What this task involves => Copy, word for word, each line of the data below from the first through the line containing "rewrite map_cat rcons_cat", and stop there.

[Collected data]
****************

Lemma reduced_alt bs : wlength A (map dletter bs) = size bs -> last false bs = false ->
  bs = alt (size bs).
Proof.
elim: bs => [//|x bs IH] red last_x.
have /reduced_cat[_ red'] : wlength A ([:: dletter x] ++ map dletter bs) =
  size ([:: dletter x] ++ map dletter bs) by rewrite size_cat size_map; exact: red.
have {IH} : bs = alt (size bs).
  by apply: IH; [rewrite -(size_map dletter) | case: bs last_x {red red'}].
move: (size bs) red last_x => k red last_x {red'} bs_alt; subst bs.
rewrite /= size_alt; case: k red last_x => [|k] red; first by move=> /= ->.
case: (eqVneq x (odd k)) => [xk _|]; last by clear red => /=; case: x; case: (odd k).
have /wlength_min : weq A (map dletter (x :: alt k.+1)) (map dletter (alt k)).
  by rewrite xk; apply: weq_cons2.
by rewrite red /= size_map size_alt ltnNge ltnW.
Qed.

Lemma rank2_cowact_nonneg bs : wlength A (map dletter bs) = size bs ->
    (size bs <= wlength A (rcons (map dletter bs) s))%N ->
  exists p r, [/\ 0 <= p, 0 <= r & cowact A (map dletter bs) (ebasis s) = coroot2 p r].
Proof.
move=> red long.
have last_bs : last false bs = false.
  case/lastP: bs red long => [//|bs x] _; rewrite last_rcons.
  case: x => // long; exfalso; move: long.
  rewrite map_rcons /= (eq_wlength (weq_rcons2 A_diag _ _)) size_rcons.
  by have := wlength_size A (map dletter bs); rewrite size_map; lia.
have lt_m : (size bs < m)%N.
  rewrite ltnNge; apply/negP => le_m; move: long.
  rewrite (reduced_alt red last_bs) size_alt; move: (size bs) le_m => k le_m.
  rewrite -(subnK le_m) -{1}(cat_take_drop (k - m) (alt (k - m + m))) drop_alt.
  rewrite map_cat rcons_cat (eq_wlength (weq_catl _ braid_rank2)).
  move/leq_trans/(_ (wlength_size _ _)).
  rewrite size_cat !size_map size_takel ?size_alt ?leq_addr // size_behead size_alt.
  by have := braid_order_gt0 (A s s') (A s' s); lia.
have [p_ge0 r_ge0] := rank2_alt_nonneg ss'_finite lt_m.
have -> : ebasis s = coroot2 1 0.
  by apply/funext => j; rewrite /coroot2 mul1r mul0r addr0.
rewrite (reduced_alt red last_bs) cowact_coroot2.
by do 2 eexists; split; [exact: p_ge0 | exact: r_ge0 |].
Qed.
End RankTwo.

Section Tits.
Variables (n : nat) (A : 'M[int]_n).
Hypothesis A_diag : forall i, A i i = 2.
Hypothesis A_finite : forall i j, i != j -> finite_type_pair (A i j) (A j i).

Definition nonneg (c : 'I_n -> int) := forall j, 0 <= c j.

(* Move letters [s], [s'] from the end of [v] to [bs] while this shortens [v]. *)
Lemma rank2_descent w s s' v bs : (0 < size bs)%N ->
    weq A (v ++ map (dletter s s') bs) w -> wlength A v + size bs = wlength A w ->
  exists v' bs', [/\ (0 < size bs')%N, weq A (v' ++ map (dletter s s') bs') w,
    wlength A v' + size bs' = wlength A w,
    (wlength A v' <= wlength A (rcons v' s))%N &
    (wlength A v' <= wlength A (rcons v' s'))%N].
Proof.
move: {2}(wlength A v) (erefl (wlength A v)) => k.
elim/ltn_ind: k v bs => k IH v bs len_v bs_gt0 vw len_w.
have [[x lt_vx]|[le_s le_s']] :
    (exists x, wlength A (rcons v (dletter s s' x)) < wlength A v)%N \/
    (wlength A v <= wlength A (rcons v s))%N /\
    (wlength A v <= wlength A (rcons v s'))%N.
  case: (ltnP (wlength A (rcons v s)) (wlength A v)) => [lt_s|le_s].
    by left; exists true.
  by case: (ltnP (wlength A (rcons v s')) (wlength A v)) => [lt_s'|le_s'];
    [left; exists false | right].
  apply: (IH _ _ (rcons v (dletter s s' x)) (x :: bs) erefl) => //.
  - by rewrite -len_v.
  - by rewrite cat_rcons; apply: weq_trans vw; apply/weq_catl/weq_cons2.
  - by have := wlength_rcons_ge A_diag v (dletter s s' x); move: len_w lt_vx => /=; lia.
by exists v, bs.
Qed.

Lemma nonneg_cowact_ebasis w s : (wlength A w <= wlength A (rcons w s))%N ->
  nonneg (cowact A w (ebasis s)).
Proof.
move: {2}(wlength A w) (erefl (wlength A w)) => k.
elim/ltn_ind: k w s => k IH w s len_w long.
have [w0 ww0 size_w0] := wlength_rep A w.
case/lastP: w0 ww0 size_w0 => [|w1 s'] ww0 size_w0.
  by rewrite (eq_cowact A_diag _ ww0) => j; rewrite /ebasis; case: (j == s).
rewrite size_rcons in size_w0.
have len_w1 := wlength_size A w1.
have ss' : s != s'.
  apply: contraTneq long => ->; rewrite -ltnNge.
  have /wlength_min : weq A (rcons w s') w1.
    exact: weq_trans (weq_rcons _ ww0) (weq_rcons2 A_diag _ _).
  by rewrite -size_w0; lia.
have w1s'_w : weq A (w1 ++ map (dletter s s') [:: false]) w.
  by rewrite cats1; apply: weq_sym.
have [|v [bs [bs_gt0 vw len_vbs le_vs le_vs']]] :=
  @rank2_descent w s s' w1 [:: false] erefl w1s'_w.
  have := wlength_rcons A w1 s'; rewrite -(eq_wlength ww0) /=; lia.
have lt_v : (wlength A v < k)%N by lia.
have red_bs : wlength A (map (dletter s s') bs) = size bs.
  have := wlength_cat A v (map (dletter s s') bs); rewrite (eq_wlength vw).
  by have := wlength_size A (map (dletter s s') bs); rewrite size_map; lia.
have long_bs : (size bs <= wlength A (rcons (map (dletter s s') bs) s))%N.
  have := wlength_cat A v (rcons (map (dletter s s') bs) s).
  by rewrite -rcons_cat (eq_wlength (weq_rcons _ vw)); lia.
have [p [r [p_ge0 r_ge0 bs_s]]] :=
  rank2_cowact_nonneg A_diag (A_finite ss') red_bs long_bs.
rewrite -(eq_cowact A_diag _ vw) cowact_cat bs_s /coroot2 cowactD !cowactZ => j.
by rewrite addr_ge0 // mulr_ge0 // (IH _ lt_v v _ erefl).
Qed.

Lemma reduced_dominant_wact_stab w l mu : wlength A w = size w ->
  dominant l -> dominant mu -> wact A w l = mu -> l = mu /\ in_stab A l w.
Proof.
elim/last_ind: w => [|w i IH] red dom_l dom_mu wl.
  by split=> //; exists [::].
have red_w : wlength A w = size w by move: red; rewrite -cats1 => /reduced_cat[].
have nn : nonneg (cowact A w (ebasis i)).
  by apply: nonneg_cowact_ebasis; rewrite red red_w size_rcons.
have li0 : l i = 0.
  have : l i = - pairing mu (cowact A w (ebasis i)).
    rewrite -(pairing_ebasis l i) -(pairing_cowact A_diag (rcons w i) l) wl.
    rewrite -cats1 cowact_cat /= coref_ebasis // cowactZ /pairing -sumrN.
    by apply: eq_bigr => j _; ring.
  move=> li; apply/eqP; rewrite eq_le dom_l andbT li oppr_le0.
  by apply: sumr_ge0 => j _; rewrite mulr_ge0.
have sl : sref A i l = l by apply/funext => j; rewrite /sref li0 mul0r subr0.
have /(IH red_w dom_l dom_mu)[<- [v [vl vw]]] : wact A w l = mu.
  by rewrite -wl wact_rcons sl.
split=> //; exists (rcons v i); split; first by rewrite all_rcons li0 eqxx.
exact: weq_rcons.
Qed.

Lemma dominant_wact_stab w l mu : dominant l -> dominant mu -> wact A w l = mu ->
  l = mu /\ in_stab A l w.
Proof.
have [w0 ww0 red] := wlength_rep A w.
move=> dom_l dom_mu; rewrite ww0 => /(reduced_dominant_wact_stab _ dom_l dom_mu).
rewrite -(eq_wlength ww0) => /(_ (esym red)) [-> st]; split=> //.
exact: weq_in_stab (weq_sym ww0) st.
Qed.

End Tits.

Section RationalFunctions.
Variable F : fieldType.

Definition rdeg (f : ratf F) : int := (size f.1)%:Z - (size f.2)%:Z.

Lemma inA_neq0 (f : ratf F) : inA f -> f.1 != 0 /\ f.2 != 0.
Proof.
case=> f1 f2; split; apply/eqP => f0; [move: f1 | move: f2];
  by rewrite f0 horner0 => /esym/eqP; rewrite oner_eq0.
Qed.

Lemma rsub_inA c (f : ratf F) : inA f -> inA (rsub c f).
Proof. by case=> f1 f2; split; rewrite /= horner_comp hornerZ hornerX mulr0. Qed.

Lemma rmul_inA (f g : ratf F) : inA f -> inA g -> inA (rmul f g).
Proof. by case=> f1 f2 [g1 g2]; split; rewrite /= hornerM ?f1 ?f2 ?g1 ?g2 mulr1. Qed.

Lemma rinv_inA (f : ratf F) : inA f -> inA (rinv f).
Proof. by case. Qed.

Lemma sizez_mul (p r : {poly F}) : p != 0 -> r != 0 ->
  (size (p * r))%:Z = (size p)%:Z + (size r)%:Z - 1.
Proof.
move=> p0 r0; rewrite size_mul //.
by move: p0 r0; rewrite -!size_poly_gt0 -subn1; move: (size p) (size r); lia.
Qed.

Lemma rdeg_rsub c (f : ratf F) : c != 0 -> rdeg (rsub c f) = rdeg f.
Proof.
move=> c0; have cX : size (c *: 'X : {poly F}) = 2 by rewrite size_scale ?size_polyX.
by rewrite /rdeg /= !size_comp_poly2.
Qed.

Lemma rdeg_rmul (f g : ratf F) : inA f -> inA g -> rdeg (rmul f g) = rdeg f + rdeg g.
Proof.
move=> /inA_neq0[f1 f2] /inA_neq0[g1 g2].
by rewrite /rdeg /= !sizez_mul //; ring.
Qed.

Lemma rdeg_rinv (f : ratf F) : rdeg (rinv f) = - rdeg f.
Proof. by rewrite /rdeg /=; ring. Qed.

Lemma req_rdeg (f g : ratf F) : inA f -> inA g -> req f g -> rdeg f = rdeg g.
Proof.
move=> /inA_neq0[f1 f2] /inA_neq0[g1 g2] fg.
have := congr1 (fun p : {poly F} => (size p)%:Z) fg.
rewrite /rdeg /= !sizez_mul //.
by move: (size f.1) (size f.2) (size g.1) (size g.2); lia.
Qed.

End RationalFunctions.

Section BraidAction.
Variables (F : fieldType) (n : nat) (A : 'M[int]_n) (d : 'I_n -> nat) (q : F).

Lemma Tbraid_inPq i p : inPq p -> inPq (Tbraid A d q i p).
Proof.
move=> p_inA j; have pi_inA c := rsub_inA c (p_inA i).
rewrite /Tbraid; case: ifP => _; first exact: rinv_inA.
have pj_inA := p_inA j.
by do 3?case: ifP => _; do ?apply: rmul_inA.
Qed.

Lemma Tw_inPq w p : inPq p -> inPq (Tw A d q w p).
Proof. by move=> p_inA; elim: w => [//|i w IH]; apply: Tbraid_inPq. Qed.

Hypothesis q_neq0 : q != 0.
Hypothesis A_diag : forall i, A i i = 2.
Hypothesis A_finite : forall i j, i != j -> finite_type_pair (A i j) (A j i).

Lemma Tbraid_wt i p : inPq p -> wt (Tbraid A d q i p) = sref A i (wt p).
Proof.
move=> p_inA; apply/funext => j; rewrite /wt /sref -!/(rdeg _) /Tbraid.
have pi_inA c := rsub_inA c (p_inA i).
have pj_inA := p_inA j.
case: eqP => [->|/eqP ji].
  by rewrite rdeg_rinv rdeg_rsub ?expf_neq0 // A_diag; ring.
case: (finite_type_pair_entry (A_finite ji)) => ->; rewrite /=.
all: rewrite ?rdeg_rmul ?rdeg_rsub ?expf_neq0 //; try ring.
all: by do ?apply: rmul_inA.
Qed.

Lemma Tw_wt w p : inPq p -> wt (Tw A d q w p) = wact A w (wt p).
Proof.
move=> p_inA; elim: w => [//|i w IH].
by rewrite /= Tbraid_wt ?IH //; apply: Tw_inPq.
Qed.
End BraidAction.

****************

Result of the exercise =>
Lemma reduced_alt bs : wlength A (map dletter bs) = size bs -> last false bs = false ->
  bs = alt (size bs).
Proof.
elim: bs => [//|x bs IH] red last_x.
have /reduced_cat[_ red'] : wlength A ([:: dletter x] ++ map dletter bs) =
  size ([:: dletter x] ++ map dletter bs) by rewrite size_cat size_map; exact: red.
have {IH} : bs = alt (size bs).
  by apply: IH; [rewrite -(size_map dletter) | case: bs last_x {red red'}].
move: (size bs) red last_x => k red last_x {red'} bs_alt; subst bs.
rewrite /= size_alt; case: k red last_x => [|k] red; first by move=> /= ->.
case: (eqVneq x (odd k)) => [xk _|]; last by clear red => /=; case: x; case: (odd k).
have /wlength_min : weq A (map dletter (x :: alt k.+1)) (map dletter (alt k)).
  by rewrite xk; apply: weq_cons2.
by rewrite red /= size_map size_alt ltnNge ltnW.
Qed.

Lemma rank2_cowact_nonneg bs : wlength A (map dletter bs) = size bs ->
    (size bs <= wlength A (rcons (map dletter bs) s))%N ->
  exists p r, [/\ 0 <= p, 0 <= r & cowact A (map dletter bs) (ebasis s) = coroot2 p r].
Proof.
move=> red long.
have last_bs : last false bs = false.
  case/lastP: bs red long => [//|bs x] _; rewrite last_rcons.
  case: x => // long; exfalso; move: long.
  rewrite map_rcons /= (eq_wlength (weq_rcons2 A_diag _ _)) size_rcons.
  by have := wlength_size A (map dletter bs); rewrite size_map; lia.
have lt_m : (size bs < m)%N.
  rewrite ltnNge; apply/negP => le_m; move: long.
  rewrite (reduced_alt red last_bs) size_alt; move: (size bs) le_m => k le_m.
  rewrite -(subnK le_m) -{1}(cat_take_drop (k - m) (alt (k - m + m))) drop_alt.
  rewrite map_cat rcons_cat (eq_wlength (weq_catl _ braid_rank2)).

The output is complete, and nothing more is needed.